[Stored data]
(* Let $1\le a\le b\le n$, $h\in H_{n,\varpi_a}$ and $E\in B(\varpi_a)$. Write $$t^{\ell(u_E)}(T_{u_E^{-1}})^{-1}h=\sum_{F\in B(\varpi_b)}T_{u_F}h_F\qquad\text{with } h_F\in H_{n,\varpi_b}.$$ If $F\otimes E$ is not semistandard, then $h_F=0$.
   Context: Fix $n\ge1$, $[n]=\{1,\dots,n\}$. $S_n$ with simple transpositions $s_i$ and length $\ell(\cdot)$ acts on $\mathbb Z^n$ by permuting coordinates; $\varpi_k=\varepsilon_1+\dots+\varepsilon_k$; $S_{n,\lambda}$ is the stabilizer of $\lambda$. $H_n$ is the Iwahori–Hecke algebra of $S_n$ over $\mathbb Z[t^{\pm1}]$: generators $T_1,\dots,T_{n-1}$ with $T_i^2=(t-1)T_i+t$, $T_iT_{i+1}T_i=T_{i+1}T_iT_{i+1}$, $T_iT_j=T_jT_i$ ($|i-j|>1$); $T_w=T_{i_1}\cdots T_{i_m}$ for a reduced word; $\{T_w\}$ is a basis; $H_{n,\lambda}=\mathrm{span}\{T_w:w\in S_{n,\lambda}\}$. Every element of $H_n$ has a unique expression $\sum_{F\in B(\varpi_b)}T_{u_F}h_F$ with $h_F\in H_{n,\varpi_b}$. Columns: $B(\varpi_\ell)$ is the set of $C=(c_1<\dots<c_\ell)\subseteq[n]$; $u_C\in S_n$ sends $k\mapsto c_k$ ($k\le\ell$) and $\ell+1,\dots,n$ increasingly onto $[n]\setminus C$. For $F\in B(\varpi_b)$, $E\in B(\varpi_a)$, $a\le b$, $F\otimes E$ is the two-column filling with left column $F$ and right column $E$; it is semistandard iff $f_i\le e_i$ for all $i\in[a]$. *)

From HB Require Import structures.
From mathcomp Require Import all_boot all_order fingroup perm all_algebra fraction.
Set Implicit Arguments. Unset Strict Implicit. Unset Printing Implicit Defensive.
Import Order.TTheory GRing.Theory Num.Theory.
Local Open Scope ring_scope.

(* ---------- Coefficients: Z[t^{+-1}] inside the field Q(t) = Frac(Z[t]) ---------- *)
Notation K := {fraction {poly int}}.
Notation "p %:F" := (@FracField.tofrac _ p) : ring_scope.
Definition tt : K := ('X : {poly int})%:F.
Definition laurent (x : K) : Prop :=
  exists (k : nat) (p : {poly int}), x * tt ^+ k = p%:F.

(* composition of permutations as functions: (comp u v) k = u (v k) *)
Definition comp n (u v : 'S_n) : 'S_n := (v * u)%g.

(* simple transposition s_{i+1} (0-based: swaps i and i+1), for i.+1 < n *)
Definition sref n (i : nat) : 'S_n :=
  match @insub _ (fun k => k < n)%N _ i, @insub _ (fun k => k < n)%N _ i.+1 with
  | Some j, Some j' => tperm j j'
  | _, _ => 1%g
  end.

Definition len n (w : 'S_n) : nat :=
  #|[set p : 'I_n * 'I_n | (p.1 < p.2)%N && (w p.2 < w p.1)%N]|.

(* a reduced word for w, obtained by repeatedly stripping right descents:
   w = (w s_i) s_i with len (w s_i) = len w - 1 *)
Fixpoint redword_fuel n (fuel : nat) (w : 'S_n) : seq nat :=
  match fuel with
  | 0 => [::]
  | f.+1 =>
    match [pick p : 'I_n * 'I_n | (p.2 == p.1.+1 :> nat) && (w p.2 < w p.1)%N] with
    | Some p => rcons (redword_fuel f (comp w (sref n p.1))) (nat_of_ord p.1)
    | None => [::]
    end
  end.
Definition redword n (w : 'S_n) : seq nat := redword_fuel (n * n) w.

(* ---------- The Iwahori-Hecke algebra H_n, free on {T_w : w in S_n} ---------- *)
Notation H n := {ffun 'S_n -> K}.

Definition hsc n (c : K) (f : H n) : H n := [ffun v => c * f v].

Definition T n (w : 'S_n) : H n := [ffun v => (v == w)%:R].

Definition Ti_act n (i : nat) (h : H n) : H n :=
  \sum_(w : 'S_n) hsc (h w)
    (if (len w < len (comp (sref n i) w))%N then T (comp (sref n i) w)
     else hsc (tt - 1) (T w) + hsc tt (T (comp (sref n i) w))).

Definition Tw_act n (w : 'S_n) (h : H n) : H n := foldr (@Ti_act n) h (redword w).

Definition hmul n (f g : H n) : H n := \sum_(w : 'S_n) hsc (f w) (Tw_act w g).
Definition hone n : H n := T 1%g.

Definition laurentH n (h : H n) : Prop := forall w, laurent (h w).

(* the stabilizer of varpi_k = e_1 + ... + e_k: permutations preserving {1..k} *)
Definition stab_varpi n (k : nat) (w : 'S_n) : bool :=
  [forall j : 'I_n, (j < k)%N == (w j < k)%N].
Definition Hpar n (k : nat) (h : H n) : Prop :=
  forall w, ~~ stab_varpi k w -> h w = 0.

Definition col_seq n (C : {set 'I_n}) : seq 'I_n :=
  [seq x <- enum 'I_n | x \in C] ++ [seq x <- enum 'I_n | x \notin C].

Lemma col_seq_size n (C : {set 'I_n}) : size (col_seq C) = n.
Proof.
rewrite /col_seq size_cat !size_filter count_predC size_enum_ord //.
Qed.

Lemma col_seq_uniq n (C : {set 'I_n}) : uniq (col_seq C).
Proof.
rewrite /col_seq cat_uniq; apply/and3P; split; try exact/filter_uniq/enum_uniq.
apply/hasPn => x; rewrite !mem_filter => /andP[xC _].
by rewrite (negbTE xC).
Qed.

Definition uC_fun n (C : {set 'I_n}) (k : 'I_n) : 'I_n := nth k (col_seq C) k.

Lemma uC_fun_inj n (C : {set 'I_n}) : injective (uC_fun C).
Proof.
move=> i j; rewrite /uC_fun => e.
have ej : nth j (col_seq C) j = nth i (col_seq C) j.
  by apply: set_nth_default; rewrite col_seq_size.
apply/val_inj/eqP; rewrite -(nth_uniq i _ _ (col_seq_uniq C)) ?col_seq_size //.
  by rewrite e ej.
all: by rewrite ?col_seq_size ltn_ord.
Qed.

(* u_C : k |-> c_k (k <= |C|), and the remaining indices increasingly onto [n] \ C *)
Definition uC n (C : {set 'I_n}) : 'S_n := perm (@uC_fun_inj n C).

Definition centry n (C : {set 'I_n}) (i : nat) (d : 'I_n) : 'I_n :=
  nth d [seq x <- enum 'I_n | x \in C] i.

(* F (x) E (F left column, E right column, |E| <= |F|) is semistandard iff f_i <= e_i, i in [|E|] *)
Definition semistandard n (F E : {set 'I_n}) : Prop :=
  forall (i : nat) (d : 'I_n), (i < #|E|)%N -> (centry F i d <= centry E i d)%N.

From Pilot Require Import Defs.
From mathcomp Require Import all_boot all_order fingroup perm all_algebra fraction.
From mathcomp Require Import zify ring.
Set Implicit Arguments. Unset Strict Implicit. Unset Printing Implicit Defensive.
Import GRing.Theory.

(* Since [T_i] only moves the support of an element from [z] to [z] or [s_i z], the
   coefficients of [x = (T_{u_E^{-1}})^{-1}] are triangular for the order comparing the
   sorted columns [z(1..a)] entrywise: every [z] in the support of [x] has column at most
   [E].  Multiplying on the left by [T_w] a parabolic element of [H_{n,varpi_a}] only
   reaches permutations whose column is below that of [w], hence [x h] is supported on
   permutations with column at most [E].  On the other side [T_{u_F} h_F] is supported
   on the coset [u_F S_{n,varpi_b}], and these cosets are disjoint, so [h_F y] is the
   coefficient of [x h] at [u_F y]; when it is nonzero, the first [a] entries of [F] are
   entrywise at most those of [E], i.e. [F (x) E] is semistandard.  Neither the power of
   [t] nor the integrality of the coefficients plays a role. *)

Local Notation pcomp := Defs.comp.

What is being asked: Taking the records above, retype every line from the one with "(* simple transposition" down to the one with "(* a reduced", exactly and with nothing else.

Exercise solution:
(* simple transposition s_{i+1} (0-based: swaps i and i+1), for i.+1 < n *)
Definition sref n (i : nat) : 'S_n :=
  match @insub _ (fun k => k < n)%N _ i, @insub _ (fun k => k < n)%N _ i.+1 with
  | Some j, Some j' => tperm j j'
  | _, _ => 1%g
  end.

Definition len n (w : 'S_n) : nat :=
  #|[set p : 'I_n * 'I_n | (p.1 < p.2)%N && (w p.2 < w p.1)%N]|.

(* a reduced word for w, obtained by repeatedly stripping right descents:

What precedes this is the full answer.